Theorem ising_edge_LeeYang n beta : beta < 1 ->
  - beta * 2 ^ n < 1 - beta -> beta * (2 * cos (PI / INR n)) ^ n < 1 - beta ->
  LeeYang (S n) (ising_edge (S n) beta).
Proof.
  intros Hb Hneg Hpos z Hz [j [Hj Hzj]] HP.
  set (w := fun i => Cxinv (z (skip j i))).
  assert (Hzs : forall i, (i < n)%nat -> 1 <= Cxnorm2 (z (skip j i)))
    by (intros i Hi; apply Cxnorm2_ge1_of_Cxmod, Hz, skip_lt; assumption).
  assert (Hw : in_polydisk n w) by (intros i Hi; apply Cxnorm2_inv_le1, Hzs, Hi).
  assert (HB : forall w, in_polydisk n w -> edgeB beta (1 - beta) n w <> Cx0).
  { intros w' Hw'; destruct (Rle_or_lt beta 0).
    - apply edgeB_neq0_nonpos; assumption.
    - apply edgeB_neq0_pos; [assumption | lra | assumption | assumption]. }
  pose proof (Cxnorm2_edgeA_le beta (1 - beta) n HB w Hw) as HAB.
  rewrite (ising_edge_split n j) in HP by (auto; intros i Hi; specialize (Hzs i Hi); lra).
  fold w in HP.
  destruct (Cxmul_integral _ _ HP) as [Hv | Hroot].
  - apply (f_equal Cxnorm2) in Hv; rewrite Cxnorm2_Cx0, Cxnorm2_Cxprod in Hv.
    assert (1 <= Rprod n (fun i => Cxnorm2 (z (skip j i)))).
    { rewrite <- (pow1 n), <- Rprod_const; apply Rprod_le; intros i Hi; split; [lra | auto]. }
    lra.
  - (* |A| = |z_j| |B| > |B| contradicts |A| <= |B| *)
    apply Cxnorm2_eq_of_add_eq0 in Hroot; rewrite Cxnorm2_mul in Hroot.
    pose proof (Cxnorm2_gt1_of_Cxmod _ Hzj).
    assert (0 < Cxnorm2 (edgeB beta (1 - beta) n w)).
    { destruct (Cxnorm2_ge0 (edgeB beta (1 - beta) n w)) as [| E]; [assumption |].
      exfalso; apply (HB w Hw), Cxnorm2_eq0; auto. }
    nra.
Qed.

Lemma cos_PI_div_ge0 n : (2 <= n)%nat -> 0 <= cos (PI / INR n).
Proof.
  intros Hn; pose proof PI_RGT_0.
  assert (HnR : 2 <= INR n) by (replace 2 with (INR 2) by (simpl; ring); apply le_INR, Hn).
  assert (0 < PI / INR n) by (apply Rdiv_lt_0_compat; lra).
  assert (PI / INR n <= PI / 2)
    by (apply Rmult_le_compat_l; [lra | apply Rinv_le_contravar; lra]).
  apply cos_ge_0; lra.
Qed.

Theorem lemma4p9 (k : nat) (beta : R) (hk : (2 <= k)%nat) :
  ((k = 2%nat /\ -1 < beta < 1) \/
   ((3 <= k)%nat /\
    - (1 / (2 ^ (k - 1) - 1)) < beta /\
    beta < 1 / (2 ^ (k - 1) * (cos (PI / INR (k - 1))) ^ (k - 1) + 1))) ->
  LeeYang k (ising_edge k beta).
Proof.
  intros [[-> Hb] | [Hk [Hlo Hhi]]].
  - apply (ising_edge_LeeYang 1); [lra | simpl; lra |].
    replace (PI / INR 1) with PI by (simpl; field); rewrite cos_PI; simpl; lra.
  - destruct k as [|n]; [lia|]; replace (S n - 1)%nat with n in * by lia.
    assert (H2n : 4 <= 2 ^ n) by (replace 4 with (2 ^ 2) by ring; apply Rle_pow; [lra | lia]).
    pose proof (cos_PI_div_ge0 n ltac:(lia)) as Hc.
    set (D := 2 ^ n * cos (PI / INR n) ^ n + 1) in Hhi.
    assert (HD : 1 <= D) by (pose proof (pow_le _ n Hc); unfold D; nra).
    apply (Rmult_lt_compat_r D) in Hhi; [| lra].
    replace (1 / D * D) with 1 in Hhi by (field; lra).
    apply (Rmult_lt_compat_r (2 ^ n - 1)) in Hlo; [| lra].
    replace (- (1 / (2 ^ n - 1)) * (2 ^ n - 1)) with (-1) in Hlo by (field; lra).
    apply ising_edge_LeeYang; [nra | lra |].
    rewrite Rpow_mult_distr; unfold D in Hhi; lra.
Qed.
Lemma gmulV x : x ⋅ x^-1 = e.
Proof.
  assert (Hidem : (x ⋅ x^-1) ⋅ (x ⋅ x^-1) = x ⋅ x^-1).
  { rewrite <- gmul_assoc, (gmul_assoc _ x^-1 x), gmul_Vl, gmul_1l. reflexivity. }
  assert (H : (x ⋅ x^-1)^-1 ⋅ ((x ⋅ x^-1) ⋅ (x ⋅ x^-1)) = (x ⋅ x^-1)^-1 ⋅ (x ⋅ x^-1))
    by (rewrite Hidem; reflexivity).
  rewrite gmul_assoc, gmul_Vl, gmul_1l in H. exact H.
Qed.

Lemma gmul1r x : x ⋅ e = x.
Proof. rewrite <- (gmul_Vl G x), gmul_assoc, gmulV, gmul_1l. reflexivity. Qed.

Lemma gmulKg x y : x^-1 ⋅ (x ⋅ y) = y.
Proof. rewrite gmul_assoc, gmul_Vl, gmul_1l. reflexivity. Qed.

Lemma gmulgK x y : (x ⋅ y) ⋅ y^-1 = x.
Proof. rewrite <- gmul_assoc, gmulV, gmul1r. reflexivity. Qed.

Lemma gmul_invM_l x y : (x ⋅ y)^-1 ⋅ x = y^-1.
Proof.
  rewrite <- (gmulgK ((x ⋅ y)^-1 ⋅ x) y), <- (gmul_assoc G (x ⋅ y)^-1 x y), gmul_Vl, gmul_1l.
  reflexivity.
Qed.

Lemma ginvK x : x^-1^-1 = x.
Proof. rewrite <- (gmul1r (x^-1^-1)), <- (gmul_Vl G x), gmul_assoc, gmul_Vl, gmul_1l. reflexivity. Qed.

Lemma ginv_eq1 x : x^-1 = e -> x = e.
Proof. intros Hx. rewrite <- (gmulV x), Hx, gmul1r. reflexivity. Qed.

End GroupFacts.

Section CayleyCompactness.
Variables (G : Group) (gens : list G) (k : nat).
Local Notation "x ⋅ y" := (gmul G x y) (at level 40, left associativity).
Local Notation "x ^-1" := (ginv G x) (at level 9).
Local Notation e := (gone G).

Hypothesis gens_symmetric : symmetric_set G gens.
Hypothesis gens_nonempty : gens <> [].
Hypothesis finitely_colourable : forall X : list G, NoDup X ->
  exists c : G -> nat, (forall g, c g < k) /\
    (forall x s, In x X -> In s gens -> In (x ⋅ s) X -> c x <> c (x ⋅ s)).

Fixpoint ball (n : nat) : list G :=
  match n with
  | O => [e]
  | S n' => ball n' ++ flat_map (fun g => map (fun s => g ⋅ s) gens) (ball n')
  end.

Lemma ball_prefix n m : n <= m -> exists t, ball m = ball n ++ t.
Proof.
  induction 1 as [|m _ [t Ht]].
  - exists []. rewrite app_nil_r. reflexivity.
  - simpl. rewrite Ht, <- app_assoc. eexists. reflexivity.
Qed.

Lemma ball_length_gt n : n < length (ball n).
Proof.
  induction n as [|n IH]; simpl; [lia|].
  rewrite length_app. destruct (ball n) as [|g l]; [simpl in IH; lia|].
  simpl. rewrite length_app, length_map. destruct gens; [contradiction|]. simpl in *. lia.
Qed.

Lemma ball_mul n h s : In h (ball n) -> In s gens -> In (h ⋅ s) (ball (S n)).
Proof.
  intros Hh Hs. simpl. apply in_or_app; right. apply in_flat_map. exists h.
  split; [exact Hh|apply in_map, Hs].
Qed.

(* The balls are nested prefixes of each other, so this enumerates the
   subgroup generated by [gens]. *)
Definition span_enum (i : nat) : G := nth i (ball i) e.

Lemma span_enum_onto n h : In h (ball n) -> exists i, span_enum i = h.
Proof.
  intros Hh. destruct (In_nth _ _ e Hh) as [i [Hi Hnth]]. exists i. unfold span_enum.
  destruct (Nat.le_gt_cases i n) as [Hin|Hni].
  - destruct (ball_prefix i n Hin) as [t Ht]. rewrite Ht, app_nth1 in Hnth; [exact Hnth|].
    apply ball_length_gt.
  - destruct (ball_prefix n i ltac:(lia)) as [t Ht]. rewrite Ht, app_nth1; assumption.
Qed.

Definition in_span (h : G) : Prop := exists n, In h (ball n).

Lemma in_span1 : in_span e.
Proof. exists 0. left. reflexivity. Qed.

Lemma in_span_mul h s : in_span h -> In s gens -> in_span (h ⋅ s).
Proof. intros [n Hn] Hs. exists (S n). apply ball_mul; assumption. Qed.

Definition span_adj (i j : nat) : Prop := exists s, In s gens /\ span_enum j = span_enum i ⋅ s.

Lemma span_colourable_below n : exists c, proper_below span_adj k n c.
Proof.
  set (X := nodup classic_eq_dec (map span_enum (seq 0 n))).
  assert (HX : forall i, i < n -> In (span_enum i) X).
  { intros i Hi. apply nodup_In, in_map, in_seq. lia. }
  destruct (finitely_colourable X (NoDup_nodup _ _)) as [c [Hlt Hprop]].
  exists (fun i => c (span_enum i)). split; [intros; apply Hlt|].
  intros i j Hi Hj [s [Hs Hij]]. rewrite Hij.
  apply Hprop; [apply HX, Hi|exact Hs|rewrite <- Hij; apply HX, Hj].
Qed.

---*---

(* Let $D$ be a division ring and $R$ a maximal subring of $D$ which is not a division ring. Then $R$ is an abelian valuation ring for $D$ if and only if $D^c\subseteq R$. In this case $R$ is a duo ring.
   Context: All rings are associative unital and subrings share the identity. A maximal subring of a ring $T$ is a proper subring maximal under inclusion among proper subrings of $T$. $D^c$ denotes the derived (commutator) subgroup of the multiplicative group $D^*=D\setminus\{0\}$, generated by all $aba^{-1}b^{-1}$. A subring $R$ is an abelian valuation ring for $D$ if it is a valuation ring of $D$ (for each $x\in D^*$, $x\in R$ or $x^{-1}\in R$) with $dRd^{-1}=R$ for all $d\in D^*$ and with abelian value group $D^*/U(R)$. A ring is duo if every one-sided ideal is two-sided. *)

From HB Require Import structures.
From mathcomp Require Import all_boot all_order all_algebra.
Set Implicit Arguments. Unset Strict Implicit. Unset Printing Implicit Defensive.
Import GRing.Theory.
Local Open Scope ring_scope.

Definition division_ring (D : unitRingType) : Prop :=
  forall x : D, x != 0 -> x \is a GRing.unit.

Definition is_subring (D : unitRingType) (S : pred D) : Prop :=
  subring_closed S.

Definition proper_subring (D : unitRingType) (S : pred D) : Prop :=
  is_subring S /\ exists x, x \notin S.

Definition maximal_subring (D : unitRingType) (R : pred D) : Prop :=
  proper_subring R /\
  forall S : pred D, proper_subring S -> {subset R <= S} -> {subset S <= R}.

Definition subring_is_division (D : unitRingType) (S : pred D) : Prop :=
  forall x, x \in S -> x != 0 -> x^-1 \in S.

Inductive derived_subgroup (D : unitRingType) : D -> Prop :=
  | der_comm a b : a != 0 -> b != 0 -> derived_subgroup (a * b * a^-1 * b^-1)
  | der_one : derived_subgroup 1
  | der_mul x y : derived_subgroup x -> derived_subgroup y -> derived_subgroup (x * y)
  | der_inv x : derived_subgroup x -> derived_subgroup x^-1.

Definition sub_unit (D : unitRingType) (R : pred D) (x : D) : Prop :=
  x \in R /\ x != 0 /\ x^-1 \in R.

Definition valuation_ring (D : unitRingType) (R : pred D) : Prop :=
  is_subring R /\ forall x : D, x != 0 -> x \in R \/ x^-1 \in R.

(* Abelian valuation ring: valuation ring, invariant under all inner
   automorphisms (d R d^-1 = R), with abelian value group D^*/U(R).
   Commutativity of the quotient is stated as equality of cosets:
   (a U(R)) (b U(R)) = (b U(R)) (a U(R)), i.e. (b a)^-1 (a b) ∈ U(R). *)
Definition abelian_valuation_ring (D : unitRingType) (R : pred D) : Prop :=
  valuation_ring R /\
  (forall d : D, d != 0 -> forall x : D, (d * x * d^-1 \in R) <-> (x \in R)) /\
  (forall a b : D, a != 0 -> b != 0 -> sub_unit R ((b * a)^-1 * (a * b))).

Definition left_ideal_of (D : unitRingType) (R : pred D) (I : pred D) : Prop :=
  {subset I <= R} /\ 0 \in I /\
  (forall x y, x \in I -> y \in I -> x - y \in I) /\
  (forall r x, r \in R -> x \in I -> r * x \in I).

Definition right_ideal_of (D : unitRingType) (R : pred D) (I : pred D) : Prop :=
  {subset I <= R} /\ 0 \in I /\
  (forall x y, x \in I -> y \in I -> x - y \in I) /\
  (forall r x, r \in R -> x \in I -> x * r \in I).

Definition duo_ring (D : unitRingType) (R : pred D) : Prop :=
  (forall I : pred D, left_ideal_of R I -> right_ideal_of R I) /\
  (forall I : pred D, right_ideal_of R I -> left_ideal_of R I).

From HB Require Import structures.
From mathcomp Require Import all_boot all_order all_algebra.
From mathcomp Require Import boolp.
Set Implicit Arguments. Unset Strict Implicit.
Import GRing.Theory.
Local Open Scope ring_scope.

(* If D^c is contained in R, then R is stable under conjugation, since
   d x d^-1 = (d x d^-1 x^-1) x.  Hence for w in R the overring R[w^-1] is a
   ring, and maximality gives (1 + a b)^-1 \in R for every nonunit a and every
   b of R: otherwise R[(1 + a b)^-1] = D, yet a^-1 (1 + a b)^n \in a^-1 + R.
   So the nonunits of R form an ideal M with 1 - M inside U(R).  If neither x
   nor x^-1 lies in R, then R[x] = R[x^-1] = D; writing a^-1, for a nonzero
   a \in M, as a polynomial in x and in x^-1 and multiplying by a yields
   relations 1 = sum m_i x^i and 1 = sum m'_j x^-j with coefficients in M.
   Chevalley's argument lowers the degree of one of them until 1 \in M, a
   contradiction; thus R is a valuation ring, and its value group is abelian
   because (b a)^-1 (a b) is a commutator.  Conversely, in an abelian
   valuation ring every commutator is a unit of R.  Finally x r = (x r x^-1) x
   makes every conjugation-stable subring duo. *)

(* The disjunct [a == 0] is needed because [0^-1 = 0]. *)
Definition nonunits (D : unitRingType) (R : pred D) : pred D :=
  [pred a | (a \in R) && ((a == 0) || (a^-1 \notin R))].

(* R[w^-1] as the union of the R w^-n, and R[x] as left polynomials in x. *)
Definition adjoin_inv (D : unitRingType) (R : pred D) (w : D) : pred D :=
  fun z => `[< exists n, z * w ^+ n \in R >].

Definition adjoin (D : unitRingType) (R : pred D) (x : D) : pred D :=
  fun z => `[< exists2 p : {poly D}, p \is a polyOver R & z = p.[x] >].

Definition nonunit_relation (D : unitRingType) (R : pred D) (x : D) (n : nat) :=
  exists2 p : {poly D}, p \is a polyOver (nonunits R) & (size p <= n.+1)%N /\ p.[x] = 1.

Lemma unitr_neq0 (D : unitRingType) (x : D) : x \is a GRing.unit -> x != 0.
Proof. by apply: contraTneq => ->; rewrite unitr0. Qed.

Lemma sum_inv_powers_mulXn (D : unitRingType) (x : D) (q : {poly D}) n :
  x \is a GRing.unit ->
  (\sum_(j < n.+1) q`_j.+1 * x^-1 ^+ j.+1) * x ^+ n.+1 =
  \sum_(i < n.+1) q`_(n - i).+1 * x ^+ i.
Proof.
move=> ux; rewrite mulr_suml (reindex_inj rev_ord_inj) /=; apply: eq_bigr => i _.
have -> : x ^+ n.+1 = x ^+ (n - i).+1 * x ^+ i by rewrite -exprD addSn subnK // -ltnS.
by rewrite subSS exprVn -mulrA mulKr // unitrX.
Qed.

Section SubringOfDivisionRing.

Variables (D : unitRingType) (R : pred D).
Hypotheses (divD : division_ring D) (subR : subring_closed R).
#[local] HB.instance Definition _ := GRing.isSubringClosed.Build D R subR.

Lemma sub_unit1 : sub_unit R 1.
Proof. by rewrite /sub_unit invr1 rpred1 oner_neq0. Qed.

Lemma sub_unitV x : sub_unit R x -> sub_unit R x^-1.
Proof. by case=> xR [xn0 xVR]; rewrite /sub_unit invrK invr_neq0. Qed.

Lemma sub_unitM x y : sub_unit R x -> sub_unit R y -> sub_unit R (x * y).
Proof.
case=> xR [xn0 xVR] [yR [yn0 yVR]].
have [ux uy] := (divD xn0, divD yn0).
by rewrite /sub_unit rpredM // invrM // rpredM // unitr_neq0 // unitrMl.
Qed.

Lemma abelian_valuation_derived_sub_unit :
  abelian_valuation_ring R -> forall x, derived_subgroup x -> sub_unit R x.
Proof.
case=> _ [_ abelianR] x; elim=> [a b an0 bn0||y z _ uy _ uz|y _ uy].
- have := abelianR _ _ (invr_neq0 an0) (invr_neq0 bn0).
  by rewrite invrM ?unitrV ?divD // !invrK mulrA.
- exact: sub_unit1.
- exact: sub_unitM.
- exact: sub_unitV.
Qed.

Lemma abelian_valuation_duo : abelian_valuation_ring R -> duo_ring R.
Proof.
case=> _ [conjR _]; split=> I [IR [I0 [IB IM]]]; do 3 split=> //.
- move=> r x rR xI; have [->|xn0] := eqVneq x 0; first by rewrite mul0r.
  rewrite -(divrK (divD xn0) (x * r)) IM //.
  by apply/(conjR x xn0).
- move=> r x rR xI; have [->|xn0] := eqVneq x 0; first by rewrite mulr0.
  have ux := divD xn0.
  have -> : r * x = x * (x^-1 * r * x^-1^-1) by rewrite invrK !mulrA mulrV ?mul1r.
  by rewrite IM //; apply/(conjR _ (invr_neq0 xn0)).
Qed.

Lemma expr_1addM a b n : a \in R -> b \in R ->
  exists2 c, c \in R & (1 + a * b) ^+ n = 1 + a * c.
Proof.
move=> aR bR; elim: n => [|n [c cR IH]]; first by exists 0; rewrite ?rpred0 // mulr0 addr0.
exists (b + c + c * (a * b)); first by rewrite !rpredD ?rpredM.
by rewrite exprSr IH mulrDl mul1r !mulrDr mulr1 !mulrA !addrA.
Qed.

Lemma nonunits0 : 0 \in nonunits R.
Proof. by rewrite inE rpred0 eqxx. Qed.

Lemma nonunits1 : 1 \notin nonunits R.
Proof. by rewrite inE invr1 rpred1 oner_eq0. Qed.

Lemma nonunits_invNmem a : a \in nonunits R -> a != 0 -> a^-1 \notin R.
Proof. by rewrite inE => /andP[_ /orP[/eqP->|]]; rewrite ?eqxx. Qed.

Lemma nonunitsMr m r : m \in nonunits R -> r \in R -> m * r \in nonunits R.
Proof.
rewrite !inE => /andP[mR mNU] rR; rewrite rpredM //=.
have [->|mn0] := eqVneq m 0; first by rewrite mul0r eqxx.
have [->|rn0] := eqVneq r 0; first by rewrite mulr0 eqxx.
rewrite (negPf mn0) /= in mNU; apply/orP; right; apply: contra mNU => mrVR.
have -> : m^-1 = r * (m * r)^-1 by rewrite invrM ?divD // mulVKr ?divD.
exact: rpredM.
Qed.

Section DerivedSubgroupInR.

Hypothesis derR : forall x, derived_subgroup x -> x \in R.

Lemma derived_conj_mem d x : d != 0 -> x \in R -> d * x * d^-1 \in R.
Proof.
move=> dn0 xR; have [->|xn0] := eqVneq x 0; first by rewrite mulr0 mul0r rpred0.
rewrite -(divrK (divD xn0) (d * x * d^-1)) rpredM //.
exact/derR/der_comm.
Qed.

---*---

WHAT YOU NEED TO DO:
In the listing above, transcribe exactly everything from the line containing "move=> ux; rewrite" down to the line containing "Hypotheses (divD : division_ring", including both and nothing more.

RESULT FOR THIS TASK:
move=> ux; rewrite mulr_suml (reindex_inj rev_ord_inj) /=; apply: eq_bigr => i _.
have -> : x ^+ n.+1 = x ^+ (n - i).+1 * x ^+ i by rewrite -exprD addSn subnK // -ltnS.
by rewrite subSS exprVn -mulrA mulKr // unitrX.
Qed.

Section SubringOfDivisionRing.

Variables (D : unitRingType) (R : pred D).
Hypotheses (divD : division_ring D) (subR : subring_closed R).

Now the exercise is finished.